Task prompt |
Copy all the lines of the data that include the word "Import".

----------------

(* The category $\mathbb S^{\mathbb P}_r$, with sum $\oplus$, unit $0$, symmetries $\sigma$ and trace operator $\mathrm{tr}$, is a traced symmetric monoidal category.
   Context: Notation: $[k]=\{1,\dots,k\}$ ($[0]=\emptyset$); $T(X)=X+\mathbb R\times X+\{\exists^*,\forall^*\}$ (disjoint union); composition in diagrammatic order. $\mathbb S^{\mathbb P}_r$ has natural numbers as objects; an arrow $f:m\to n$ is a function $f:[m]\to T([n])$ satisfying realizability: if $f(i)=k\in[n]$ then for every $j\in[m]\setminus\{i\}$, $f(j)\ne k$ and $f(j)\ne(r,k)$ for all $r\in\mathbb R$. Composition of $f:m\to l$ and $g:l\to n$: $(f;g)(i)=f(i)$ if $f(i)\in\{\exists^*,\forall^*\}$; $=g(j)$ if $f(i)=j\in[l]$; $=g(j)$ if $f(i)=(r,j)$ and $g(j)\in\{\exists^*,\forall^*\}$; $=(r,k)$ if $f(i)=(r,j)$ and $g(j)=k\in[n]$; $=(r+r',k)$ if $f(i)=(r,j)$ and $g(j)=(r',k)$. Identity $\mathrm{id}_m(i)=i$. Symmetry $\sigma_{m,n}:m+n\to n+m$, $\sigma_{m,n}(i)=n+i$ for $i\le m$, $\sigma_{m,n}(m+j)=j$. Sum of $f:m\to n$ and $g:k\to l$: $(f\oplus g)(i)=f(i)$ for $i\in[m]$, and $(f\oplus g)(m+i)$ is $g(i)$ with its element $j\in[l]$ (if any) replaced by $n+j$. Trace of $f:l+m\to l+n$: for $i\in[m]$ define a sequence $v$ by $v_0=l+i$ and: if $j=0$ or $v_j\in[l]$ then $v_{j+1}=f(v_j)$; if $v_j=(r,k)$ with $k\in[l]$ then $v_{j+1}=f(k)$; otherwise ($j\ge1$ and $v_j\in\{l+1,..,l+n\}\cup\mathbb R\times\{l+1,..,l+n\}\cup\{\exists^*,\forall^*\}$) the sequence stops. If $v=(v_0,\dots,v_K)$ is finite, let $S$ be the sum of the first components of all $v_j\in\mathbb R\times[l+n]$, $1\le j\le K$; then $\mathrm{tr}^l_{m,n}(f)(i)=v_K$ if $v_K\in\{\exists^*,\forall^*\}$; $=k$ if $v_K=l+k$ and $v_j\in[l]$ for all $1\le j<K$; $=(S,k)$ if $v_K=l+k$ and some $v_j$, $1\le j<K$, lies in $\mathbb R\times[l]$; $=(S,k)$ if $v_K=(r,l+k)$. If $v$ is infinite, let $w'_1,w'_2,\dots$ be the first components, in order, of the (infinitely many) entries of $v$ lying in $\mathbb R\times[l]$; then $\mathrm{tr}^l_{m,n}(f)(i)=\exists^*$ if $\liminf_{N\to\infty}\frac1N\sum_{t=1}^Nw'_t\ge0$, and $\forall^*$ otherwise. *)

From Stdlib Require Import Reals Arith List ClassicalEpsilon.
From Coquelicot Require Import Coquelicot.
Open Scope R_scope.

----------------

Exercise response |
From Stdlib Require Import Reals Arith List ClassicalEpsilon.
From Coquelicot Require Import Coquelicot.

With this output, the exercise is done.